Comedian Melissa McCarthy and her director/co-writer husband, Ben Falcone, have produced another vehicle for her exceptional talents as a character-based comedic star. McCarthy and Falcone's previous efforts together -- "Tammy" and "The Boss" -- underwhelmed, which may explain why "Life of the Party" finds them aiming straight for the lowest common denominator and, sadly, hitting the bull's eye.
It's easy to see the mass appeal in "Life of the Party," a variation on umpteen "back-to-school" comedies like Will Ferrell's "Old School" or, well, the 1986 Rodney Dangerfield movie "Back to School." In "Life of the Party," McCarthy plays Deanna Miles, who decides to re-enroll at "Decatur University" alongside her daughter Maddie (Molly Gordon). Deanna's been unceremoniously dumped by her cheatin' husband Dan (Matt Walsh), who has "upgraded" for a real-estate agent named Marcie (Julie Bowen). This life-changing disaster sets the stage for awkward bonding between mother and daughter, whose unplanned arrival two decades earlier prompted Deanna to drop out six units shy of her degree.
Deanna pursues her archaeology major while palling around with Maddie and her quirky sorority sisters at Theta Mu Gamma. Predictably, Maddie at first feels mortified to have her mother constantly underfoot, but soon enough, the younger Miles learns to stop worrying and just love the mom. One of the few strengths of the film resides in its female-dominated ensemble, from the sorority gals (primary among them Gillian Jacobs, her character's extra years explained by an eight-year coma) to Deanna's bff (Maya Rudolph).

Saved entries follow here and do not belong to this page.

Lemma medium_gain_bound (d a : R) : 0 < d -> 0 <= a -> a <= 1 -> a <= d ->
  3 / 16 * a <= 1 / 4 * (if d < 2 then d else d / 2) * (1 - (1 - a / d) ^+ 2).
Proof.
move=> d0 a0 a1 ad; set r := a / d.
have ar : a = r * d by rewrite /r mulfVK // gt_eqF.
have r0 : 0 <= r by rewrite /r divr_ge0 // ltW.
have r1 : r <= 1 by rewrite /r ler_pdivrMr // mul1r.
rewrite ar; case: ifP => d2; first nra.
have d2' : 2 <= d by rewrite leNgt d2.
have : r <= 1 / 2 by rewrite /r ler_pdivrMr //; nra.
nra.
Qed.

End NumericFacts.

Section Rounding.
Variables (R : realType) (S V U : finType) (s : S -> R) (c : V -> R).
Variables (iu : U -> S) (T : U -> {set V}) (w : U -> R) (x : S -> V -> R).
Hypothesis s_gt0 : forall i, 0 < s i.
Hypothesis c_gt0 : forall j, 0 < c j.
Hypothesis w_gt0 : forall k, 0 < w k.
Hypothesis x_ge0 : forall i j, 0 <= x i j.
Hypothesis x_le1 : forall i j, x i j <= 1.
Hypothesis x_cap : forall j, \sum_i x i j * s i <= c j.
Hypothesis x_oversized : forall i j, c j < s i -> x i j = 0.

Local Notation inP := (inP s c).
Local Notation dd := (dd s c x).
Local Notation hh := (hh s c x).
Local Notation vv := (vv s c x).
Local Notation nn := (nn s c x).
Local Notation qbound := (qbound s c).
Local Notation slot_prob := (slot_prob s c x).
Local Notation lab_prob := (lab_prob s c x).
Local Notation node_slots := (node_slots s c x).
Local Notation slots := (slots s c x).
Local Notation reward := (reward iu T w).
Local Notation Xof z := (@Xof R S V s c x z).
Local Notation slot_at z := (@slot_at R S V s c x z).
Local Notation Ecnd z := (@Ecnd R S V U s c iu T w x z).
Local Notation Eprime := (Eprime s c iu T w x).

Lemma dd_ge0 kp j : 0 <= dd kp j.
Proof. exact: sumr_ge0. Qed.

Lemma x_le_dd kp j i : inP kp j i -> x i j <= dd kp j.
Proof. by move=> ij; rewrite /Defs.dd (bigD1 i) //= lerDl sumr_ge0. Qed.

Lemma slot_prob_ge0 sg i : 0 <= slot_prob sg i.
Proof. by rewrite /Defs.slot_prob; case: ifP => // _; rewrite divr_ge0 ?dd_ge0. Qed.

Lemma sum_slot_prob sg :
  \sum_i slot_prob sg i = dd (sclass sg) (snode sg) / dd (sclass sg) (snode sg).
Proof. by rewrite /Defs.slot_prob -big_mkcond /= mulr_suml. Qed.

Lemma reward_ge0 X : 0 <= reward X.
Proof. by apply: sumr_ge0 => k _; rewrite mulr_ge0 ?(ltW (w_gt0 k)). Qed.

Lemma Ecnd_ge0 z tp : 0 <= Ecnd z tp.
Proof.
exact: (cexpect_ge0 (p := fun t => slot_prob (slot_at z t))
  (E := fun tau => reward (Xof z tau)) (fun _ => slot_prob_ge0 _) (fun _ => reward_ge0 _)).
Qed.

Lemma lab_prob_sum j : \sum_a lab_prob j a = 1.
Proof. by rewrite !big_ord_recr big_ord0 /Defs.lab_prob /=; ring. Qed.

Definition small_load j : R := \sum_(i | s i <= c j * beta R) s i * x i j.

Lemma small_load_ge0 j : 0 <= small_load j.
Proof. by apply: sumr_ge0 => i _; rewrite mulr_ge0 ?(ltW (s_gt0 i)). Qed.

(* Items of [P_j^+] and [P_j^-] have size more than [c_j/2] and [c_j/4]. *)
Lemma capacity_split j :
  c j / 2 * dd CPlus j + c j / 4 * dd CMinus j + small_load j <= c j.
Proof.
apply: le_trans (x_cap j).
rewrite /Defs.dd /small_load !mulr_sumr big_mkcond [X in _ + X + _]big_mkcond.
rewrite [X in _ + X]big_mkcond -!big_split /=; apply: ler_sum => i _.
have := x_ge0 i j; have := s_gt0 i; have := c_gt0 j; rewrite /beta.
by case: ifP => [/andP[? ?]|_]; case: ifP => [/andP[? ?]|_]; case: ifP => [?|_];
  rewrite ?addr0 ?add0r; nra.
Qed.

When not focused on tame raucousness and unnecessary nastiness, "Life of the Party" keeps its heart in the right place of sisterly love.
And yet McCarthy's latest big-screen romp proves consistently dispiriting in its blatant laziness. The characters tend to caricature (none more so than Deanna's emo-Goth-Satanist roommate), and outside of one good twist at the end of the second act, the plot proves embarrassingly trite: from Deanna's liberated hookups with sweet and strapping Jack (Luke Benward), chased by a walk of shame; to a financial strain that requires a fundraising sorority rager.
Since "Life of the Party" shows no ambition outside of crass commercialism, comedy connoisseurs should steer well clear of it. Failing that, they'll have to grasp onto the lifelines of Rudolph and McCarthy, whose comedic instincts can't be fully suppressed even by this limp storyline. As she wriggles out of Midwestern mom sweaters and into "life of the party" fun, McCarthy turns every third line into a rambling comic construction. "You just keep blabbing," Maddie laments. "Please stop, Mom."
But the rambling is the best part. Audiences that just want a fast-food, big-screen sitcom may well laugh on Pavlovian cue; Falcone certainly isn't shy about ringing the same old bell.
The best screen comedies either reveal a zany idiosyncrasy or take their laughs seriously as reflections of society and human existence. Since "Life of the Party" shows little interest in investigating the satiric possibilities of the two-decade cultural gap in play, or a weirdly one-sided May-December romance, the movie wafts into disposable irrelevance long before the credits roll.